Nasty stuff. But because I wouldn't dream of leaving you with anything other than a warm eco-glow, let me persuade you that in the right hands, even steel can be an eco-product.

Enter Jonnie Rowlandson, metal-worker extraordinaire, based up the road in the Clapham North Arts Centre ( www.argonautdesign.co.uk). Over the last month, Jonnie has been scouring the scrap metal merchants of south London for sheets of rusting steel, old copper hot water cylinders and fragments of discarded brass. These salvaged materials have excellent eco-credentials, because whenever you buy something salvaged or second-hand you are keeping valuable resources in use and avoiding the extraction and manufacture of new resources.

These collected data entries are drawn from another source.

(* Let $E\in\mathcal E^{m,n}_{a,b}$, $A\subseteq[m]$ and $B\subseteq[n]$, and let $E'=E\cup(A\times[n])\cup([m]\times B)$. Then $E'\in\mathcal E^{m,n}_{a',b'}$, where $a'=\min(a+|A|,m)$ and $b'=\min(b+|B|,n)$.
   Context: For an $(m,m-a)$-code $C_1$ and an $(n,n-b)$-code $C_2$, the tensor code $C_1\otimes C_2$ consists of $m\times n$ arrays whose columns lie in $C_1$ and rows in $C_2$. An erasure pattern $E\subseteq[m]\times[n]$ is correctable if every codeword is determined by its entries outside $E$. $\mathcal E^{m,n}_{a,b}$ (over a fixed field characteristic) is the set of patterns $E\subseteq[m]\times[n]$ correctable by an $(m,n,a,b)$-maximally recoverable tensor code, i.e. by $C_1\otimes C_2$ where $C_1,C_2$ have generic generator matrices of sizes $(m-a)\times m$ and $(n-b)\times n$; when $a=m$ or $b=n$ the code is zero and every pattern is correctable. *)

From HB Require Import structures.
From mathcomp Require Import all_boot all_order all_algebra.
From mathcomp Require Import mpoly fraction.
Set Implicit Arguments. Unset Strict Implicit. Unset Printing Implicit Defensive.
Import GRing.Theory.
Local Open Scope ring_scope.

(* The tensor code C1 (x) C2, where C1 is the row space of G1 (length m) and
   C2 is the row space of G2 (length n): m x n arrays whose columns lie in C1
   and whose rows lie in C2. *)
Definition in_tensor_code (K : fieldType) (m n k1 k2 : nat)
  (G1 : 'M[K]_(k1, m)) (G2 : 'M[K]_(k2, n)) (M : 'M[K]_(m, n)) : Prop :=
  (forall j : 'I_n, ((col j M)^T <= G1)%MS) /\ (forall i : 'I_m, (row i M <= G2)%MS).

Definition correctable (K : fieldType) (m n k1 k2 : nat)
  (G1 : 'M[K]_(k1, m)) (G2 : 'M[K]_(k2, n)) (E : {set 'I_m * 'I_n}) : Prop :=
  forall M1 M2 : 'M[K]_(m, n),
    in_tensor_code G1 G2 M1 -> in_tensor_code G1 G2 M2 ->
    (forall (i : 'I_m) (j : 'I_n), (i, j) \notin E -> M1 i j = M2 i j) ->
    M1 = M2.

(* Number of indeterminates: one per entry of G1 and of G2. *)
Definition nvars (m n a b : nat) : nat := ((m - a) * m + (n - b) * n)%N.

Definition genField (F : fieldType) (m n a b : nat) : fieldType :=
  {fraction {mpoly F[nvars m n a b]}}.

Definition genG1 (F : fieldType) (m n a b : nat) : 'M[genField F m n a b]_(m - a, m) :=
  \matrix_(i, j)
    (@FracField.tofrac _ ('X_(lshift ((n - b) * n) (mxvec_index i j)) : {mpoly F[nvars m n a b]})).

Definition genG2 (F : fieldType) (m n a b : nat) : 'M[genField F m n a b]_(n - b, n) :=
  \matrix_(i, j)
    (@FracField.tofrac _ ('X_(rshift ((m - a) * m) (mxvec_index i j)) : {mpoly F[nvars m n a b]})).

(* E \in \mathcal E^{m,n}_{a,b} over the characteristic of F: correctable by the
   (m,n,a,b)-maximally recoverable tensor code, i.e. C1 (x) C2 with generic
   generator matrices of sizes (m-a) x m and (n-b) x n. *)
Definition MR_correctable (F : fieldType) (m n a b : nat) (E : {set 'I_m * 'I_n}) : Prop :=
  correctable (genG1 F m n a b) (genG2 F m n a b) E.
Arguments MR_correctable F m n a b E : clear implicits.

From HB Require Import structures.
From mathcomp Require Import all_boot all_order all_algebra.
From mathcomp Require Import mpoly fraction zify.
Set Implicit Arguments. Unset Strict Implicit. Unset Printing Implicit Defensive.
Import GRing.Theory.
Local Open Scope ring_scope.

(* Inside the generic codes C1 and C2, take the subcodes of dimensions m - a'
   and n - b' that vanish on the coordinates in A and B (a dimension count).
   Their tensor product is contained in C1 (x) C2 and vanishes on
   (A x [n]) u ([m] x B), so it corrects E'.  For row-free generators,
   correctability of E' means that a polynomial matrix in the generator entries
   is row-free, i.e. has a nonzero maximal minor; as this holds at the
   shortened generators, it holds for generic ones. *)

(* The Kronecker product of G1 and G2 in the coordinates of mxvec. *)
Definition tensor_genmx (R : comPzRingType) (k1 k2 m n : nat)
    (G1 : 'M[R]_(k1, m)) (G2 : 'M[R]_(k2, n)) : 'M[R]_(k1 * k2, m * n) :=
  lin_mulmx G1^T *m lin_mulmxr G2.

Lemma mul_mxvec_tensor_genmx (R : comPzRingType) (k1 k2 m n : nat)
    (G1 : 'M[R]_(k1, m)) (G2 : 'M[R]_(k2, n)) (X : 'M[R]_(k1, k2)) :
  mxvec X *m tensor_genmx G1 G2 = mxvec (G1^T *m X *m G2).
Proof. by rewrite mulmxA !mul_vec_lin. Qed.

Lemma map_tensor_genmx (R S : comPzRingType) (f : {rmorphism R -> S})
    (k1 k2 m n : nat) (G1 : 'M[R]_(k1, m)) (G2 : 'M[R]_(k2, n)) :
  map_mx f (tensor_genmx G1 G2) = tensor_genmx (map_mx f G1) (map_mx f G2).
Proof.
rewrite map_mxM (map_lin_mx (gf := mulmx (map_mx f G1)^T)).
  by rewrite (map_lin_mx (gf := mulmxr (map_mx f G2))) // => X; rewrite map_mxM.
by move=> X; rewrite map_mxM map_trmx.
Qed.

Definition unerased_index (m n : nat) (E : {set 'I_m * 'I_n})
    (k : 'I_#|~: E|) : 'I_(m * n) :=
  mxvec_index (enum_val k).1 (enum_val k).2.

Definition unerased_genmx (R : comPzRingType) (k1 k2 m n : nat)
    (E : {set 'I_m * 'I_n}) (G1 : 'M[R]_(k1, m)) (G2 : 'M[R]_(k2, n)) :=
  colsub (@unerased_index m n E) (tensor_genmx G1 G2).

Lemma map_unerased_genmx (R S : comPzRingType) (f : {rmorphism R -> S})
    (k1 k2 m n : nat) (E : {set 'I_m * 'I_n})
    (G1 : 'M[R]_(k1, m)) (G2 : 'M[R]_(k2, n)) :
  map_mx f (unerased_genmx E G1 G2) = unerased_genmx E (map_mx f G1) (map_mx f G2).
Proof. by rewrite map_mxsub map_tensor_genmx. Qed.

Section TensorCode.
Variables (K : fieldType) (k1 k2 m n : nat).
Variables (G1 : 'M[K]_(k1, m)) (G2 : 'M[K]_(k2, n)).

Lemma tensor_codeP (M : 'M[K]_(m, n)) :
  in_tensor_code G1 G2 M <-> exists X, M = G1^T *m X *m G2.
Proof.
split=> [[colsM rowsM] | [X ->]]; last first.
  split=> [j|i]; last by rewrite row_mul submxMl.
  by rewrite tr_col !trmx_mul trmxK row_mul mulmxA submxMl.
have /submxP [Y defMt] : (M^T <= G1)%MS by apply/row_subP => j; rewrite -tr_col.
have /mulmxKpV defM : (M <= G2)%MS by apply/row_subP.
exists (Y^T *m pinvmx G2).
by rewrite -defM -[M in LHS]trmxK defMt trmx_mul !mulmxA.
Qed.

Lemma tensor_coord_eq0 (X : 'M[K]_(k1, k2)) :
  row_free G1 -> row_free G2 -> G1^T *m X *m G2 = 0 -> X = 0.
Proof.
move=> free1 free2; rewrite -mulmxA => /(congr1 trmx).
rewrite trmx_mul trmxK trmx0 => /eqP; rewrite mulmx_free_eq0 // -trmx0.
move=> /eqP /trmx_inj /eqP.
by rewrite mulmx_free_eq0 // => /eqP.
Qed.

Lemma unerased_genmxE (E : {set 'I_m * 'I_n}) (X : 'M[K]_(k1, k2)) k :
  (mxvec X *m unerased_genmx E G1 G2) 0 k
    = (G1^T *m X *m G2) (enum_val k).1 (enum_val k).2.
Proof. by rewrite mulmx_colsub mxE mul_mxvec_tensor_genmx mxvecE. Qed.

Lemma correctableE (E : {set 'I_m * 'I_n}) :
  row_free G1 -> row_free G2 ->
  correctable G1 G2 E <-> row_free (unerased_genmx E G1 G2).
Proof.
move=> free1 free2; split=> [corrE | freeE]; last first.
  move=> _ _ /tensor_codeP [X1 ->] /tensor_codeP [X2 ->] agree.
  congr (_ *m _ *m _); apply/eqP; rewrite -subr_eq0 -mxvec_eq0.
  rewrite -(mulmx_free_eq0 _ freeE); apply/eqP/rowP => k.
  rewrite unerased_genmxE mulmxBr mulmxBl [LHS]mxE [X in _ + X]mxE.
  rewrite agree ?subrr ?mxE //.
  by have := enum_valP k; rewrite inE -surjective_pairing.
rewrite -kermx_eq0; apply/eqP/row_matrixP => i; rewrite row0.
set x := row i _; rewrite -(vec_mxK x); apply/eqP; rewrite mxvec_eq0; apply/eqP.
apply: tensor_coord_eq0 => //; apply: corrE; rewrite ?tensor_codeP.
- by exists (vec_mx x).
- by exists 0; rewrite mulmx0 mul0mx.
move=> i' j' unerased; have ij_unerased : (i', j') \in ~: E by rewrite inE.
have := unerased_genmxE (vec_mx x) (enum_rank_in ij_unerased (i', j')).
rewrite enum_rankK_in //= => <-.
by rewrite vec_mxK -row_mul mulmx_ker row0 !mxE.
Qed.

End TensorCode.

Lemma row_free_colsub (K : fieldType) (p q r : nat) (h : 'I_r -> 'I_q)
    (A : 'M[K]_(p, q)) :
  row_free (colsub h A) -> row_free A.
Proof.
rewrite /row_free -mxrank_tr trmx_mxsub => /eqP rk_sub; apply/eqP/anti_leq.
by rewrite rank_leq_row -[X in (X <= _)%N]rk_sub -(mxrank_tr A) mxrankS ?rowsub_sub.
Qed.

Lemma row_free_map_inj (R : comNzRingType) (K1 K2 : fieldType)
    (f : {rmorphism R -> K1}) (g : {rmorphism R -> K2}) (p q : nat)
    (A : 'M[R]_(p, q)) :
  injective g -> row_free (map_mx f A) -> row_free (map_mx g A).
Proof.
(* A maximal minor that is nonzero under f is nonzero in R, hence under g. *)
move=> g_inj freeA.
have full_trA : row_full (map_mx f A)^T by rewrite /row_full mxrank_tr.
pose h := fullrankfun full_trA.
have : colsub h (map_mx f A) \in unitmx.
  by rewrite -unitmx_tr trmx_mxsub fullrowsub_unit.
rewrite -map_mxsub unitmxE unitfE det_map_mx => det_neq0.
apply: (@row_free_colsub _ _ _ _ h).
rewrite row_free_unit -map_mxsub unitmxE unitfE det_map_mx.
apply: contra_neq det_neq0; rewrite -(rmorph0 g) => /g_inj ->.
by rewrite rmorph0.
Qed.

Lemma tofrac_inj (R : idomainType) : injective (@tofrac R).
Proof. by move=> x y /eqP; rewrite tofrac_eq => /eqP. Qed.

Lemma row_free_generic (F : fieldType) (N k m : nat)
    (idx : 'I_k -> 'I_m -> 'I_N) :
  injective (fun ij => idx ij.1 ij.2) -> (k <= m)%N ->
  row_free (map_mx (@tofrac _)
    (\matrix_(i, j) 'X_(idx i j) : 'M[{mpoly F[N]}]_(k, m))).
Proof.
move=> idx_inj le_km.
(* Specialize the indeterminates on the leading diagonal to 1, the others to 0. *)
pose diag (l : 'I_N) : F := [exists i, l == idx i (widen_ord le_km i)]%:R.
apply: (row_free_map_inj (f := meval diag)); first exact: tofrac_inj.
suff -> : map_mx (meval diag) (\matrix_(i, j) 'X_(idx i j)) = pid_mx k.
  by rewrite /row_free rank_pid_mx.
apply/matrixP => i j; rewrite !mxE mevalXU ltn_ord andbT /diag.
case: existsP => [[i' /eqP diag_ij] | no_diag] /=.
  by case: (idx_inj (i, j) (i', _) diag_ij) => -> ->; rewrite eqxx.
have [ij | //] := eqVneq (val i) (val j); case: no_diag; exists i.
by rewrite (_ : j = widen_ord le_km i) //; apply: val_inj.
Qed.

Lemma shortened_subcode (K : fieldType) (k m l : nat) (G : 'M[K]_(k, m))
    (A : {set 'I_m}) :
  (l <= \rank G - #|A|)%N ->
  exists H : 'M[K]_(l, m),
    [/\ row_free H, (H <= G)%MS & forall i j, j \in A -> H i j = 0].
Proof.
move=> le_rk.
(* The kernel of the projection onto the coordinates in A has codimension at
   most #|A|, so it meets the row space of G in rank at least l. *)
pose coordA : 'M[K]_(m, #|A|) := colsub enum_val 1%:M.
pose S := (G :&: kermx coordA)%MS.
have le_l_S : (l <= \rank S)%N.
  have := mxrank_sum_cap G (kermx coordA).
  have := rank_leq_col (G + kermx coordA)%MS.
  have := rank_leq_col coordA.
  rewrite mxrank_ker -/S; lia.
pose H : 'M[K]_(l, m) := pid_mx l *m row_base S.
have sHS : (H <= S)%MS by rewrite (submx_trans (submxMl _ _)) ?eq_row_base.
exists H; split.
- by rewrite /row_free mxrankMfree ?row_base_free ?rank_pid_mx.
- exact: submx_trans sHS (capmxSl _ _).
move=> i j jA.
have /sub_kermxP /matrixP /(_ i (enum_rank_in jA j)) := submx_trans sHS (capmxSr _ _).
by rewrite mulmx_colsub mulmx1 !mxE enum_rankK_in.
Qed.

Lemma submx_vanish (K : fieldType) (k n : nat) (H : 'M[K]_(k, n))
    (B : {set 'I_n}) (v : 'rV[K]_n) j :
  (forall i j', j' \in B -> H i j' = 0) -> (v <= H)%MS -> j \in B -> v 0 j = 0.
Proof.
move=> vanB /submxP [D ->] jB; rewrite mxE big1 // => i _.
by rewrite vanB ?mulr0.
Qed.

Lemma in_tensor_codeS (K : fieldType) (k1 k2 l1 l2 m n : nat)
    (G1 : 'M[K]_(k1, m)) (G2 : 'M[K]_(k2, n))
    (H1 : 'M[K]_(l1, m)) (H2 : 'M[K]_(l2, n)) (M : 'M[K]_(m, n)) :
  (H1 <= G1)%MS -> (H2 <= G2)%MS ->
  in_tensor_code H1 H2 M -> in_tensor_code G1 G2 M.
Proof.
move=> sHG1 sHG2 [colsM rowsM].
by split=> [j|i]; [exact: submx_trans (colsM j) sHG1 | exact: submx_trans (rowsM i) sHG2].
Qed.

Lemma correctable_shortened (K : fieldType) (k1 k2 l1 l2 m n : nat)
    (G1 : 'M[K]_(k1, m)) (G2 : 'M[K]_(k2, n))
    (H1 : 'M[K]_(l1, m)) (H2 : 'M[K]_(l2, n))
    (E : {set 'I_m * 'I_n}) (A : {set 'I_m}) (B : {set 'I_n}) :
  (H1 <= G1)%MS -> (H2 <= G2)%MS ->
  (forall i j, j \in A -> H1 i j = 0) -> (forall i j, j \in B -> H2 i j = 0) ->
  correctable G1 G2 E ->
  correctable H1 H2 (E :|: setX A [set: 'I_n] :|: setX [set: 'I_m] B).
Proof.
move=> sHG1 sHG2 vanA vanB corrE M1 M2 codeM1 codeM2 agree.
apply: corrE; [exact: in_tensor_codeS codeM1 | exact: in_tensor_codeS codeM2 |].
have vanAB M i j : in_tensor_code H1 H2 M -> (i \in A) || (j \in B) -> M i j = 0.
  case=> colsM rowsM /orP [iA | jB].
    by have := submx_vanish vanA (colsM j) iA; rewrite !mxE.
  by have := submx_vanish vanB (rowsM i) jB; rewrite !mxE.
move=> i j ijNE; have [iAjB | iAjBN] := boolP ((i \in A) || (j \in B)).
  by rewrite !vanAB.
by apply: agree; rewrite !inE /= andbT -orbA negb_or ijNE.
Qed.

Lemma mxvec_index_inj (m n : nat) :
  injective (fun ij : 'I_m * 'I_n => mxvec_index ij.1 ij.2).
Proof. by move=> [i j] [i' j'] /cast_ord_inj /enum_rank_inj. Qed.

Section GenericMatrices.
Variables (F : fieldType) (m n a b : nat).

Definition genP1 : 'M[{mpoly F[nvars m n a b]}]_(m - a, m) :=
  \matrix_(i, j) 'X_(lshift ((n - b) * n) (mxvec_index i j)).

Definition genP2 : 'M[{mpoly F[nvars m n a b]}]_(n - b, n) :=
  \matrix_(i, j) 'X_(rshift ((m - a) * m) (mxvec_index i j)).

Lemma genG1E : genG1 F m n a b = map_mx (@tofrac _) genP1.
Proof. by apply/matrixP => i j; rewrite !mxE. Qed.

Lemma genG2E : genG2 F m n a b = map_mx (@tofrac _) genP2.
Proof. by apply/matrixP => i j; rewrite !mxE. Qed.

Lemma genG1_free : row_free (genG1 F m n a b).
Proof.
rewrite genG1E; apply: row_free_generic; last exact: leq_subr.
by move=> ij ij' /lshift_inj /mxvec_index_inj.
Qed.

Lemma genG2_free : row_free (genG2 F m n a b).
Proof.
rewrite genG2E; apply: row_free_generic; last exact: leq_subr.
by move=> ij ij' /rshift_inj /mxvec_index_inj.
Qed.

Lemma MR_correctable_of_instance (K : fieldType) (phi : {rmorphism F -> K})
    (E : {set 'I_m * 'I_n}) (H1 : 'M[K]_(m - a, m)) (H2 : 'M[K]_(n - b, n)) :
  row_free H1 -> row_free H2 -> correctable H1 H2 E -> MR_correctable F m n a b E.
Proof.
move=> free1 free2 /(correctableE _ free1 free2) freeE.
rewrite /MR_correctable correctableE ?genG1_free ?genG2_free //.
pose subst l := match split l with
                | inl l1 => mxvec H1 0 l1 | inr l2 => mxvec H2 0 l2 end.
rewrite genG1E genG2E -map_unerased_genmx.
apply: (row_free_map_inj (f := mmap phi subst)); first exact: tofrac_inj.
suff [substH1 substH2] : map_mx (mmap phi subst) genP1 = H1 /\
                         map_mx (mmap phi subst) genP2 = H2.
  by rewrite map_unerased_genmx substH1 substH2.
split; apply/matrixP => i j; rewrite !mxE mmapX mmap1U /subst.
  by rewrite (unsplitK (inl _ _)) mxvecE.
by rewrite (unsplitK (inr _ _)) mxvecE.
Qed.

End GenericMatrices.

Theorem lemma3p17 (F : fieldType) (m n a b : nat) (E : {set 'I_m * 'I_n})
  (A : {set 'I_m}) (B : {set 'I_n}) :
  MR_correctable F m n a b E ->
  MR_correctable F m n (minn (a + #|A|) m) (minn (b + #|B|) n)
    (E :|: setX A [set: 'I_n] :|: setX [set: 'I_m] B).
Proof.
move=> corrE.
set a' := minn (a + #|A|) m; set b' := minn (b + #|B|) n.
have rk1 : (m - a' <= \rank (genG1 F m n a b) - #|A|)%N.
  by rewrite (eqP (genG1_free F m n a b)) /a'; lia.
have rk2 : (n - b' <= \rank (genG2 F m n a b) - #|B|)%N.
  by rewrite (eqP (genG2_free F m n a b)) /b'; lia.
have [H1 [free1 sHG1 vanA]] := shortened_subcode rk1.
have [H2 [free2 sHG2 vanB]] := shortened_subcode rk2.
apply: (MR_correctable_of_instance (@tofrac _ \o @mpolyC _ F) free1 free2).
exact: correctable_shortened sHG1 sHG2 vanA vanB corrE.
Qed.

With this gritty palette, Jonnie has made us the ultimate garden fence. Because we will have no fireplace in our ultra-low energy house, our garden will be our hearth and the back fence will be the focus of the hearth.

Jonnie has risen to this metaphor and created a fiery, organic, richly textured work of art, alive with the dense, complex colours of rusted and stressed metals. Like any fire, it will change over the day and over the seasons, a constant source of fascination and inspiration. In the middle of winter when the garden is quiet, this fire will be ablaze.

So although a well-hidden and thoroughly un-eco steel joist is critical to the engineering of our open-plan living space, it is rusty, salvaged steel that will transform our experience within it. Thanks to our local alchemist, the first expression of our magical ambitions has been successfully forged from the basest of metals.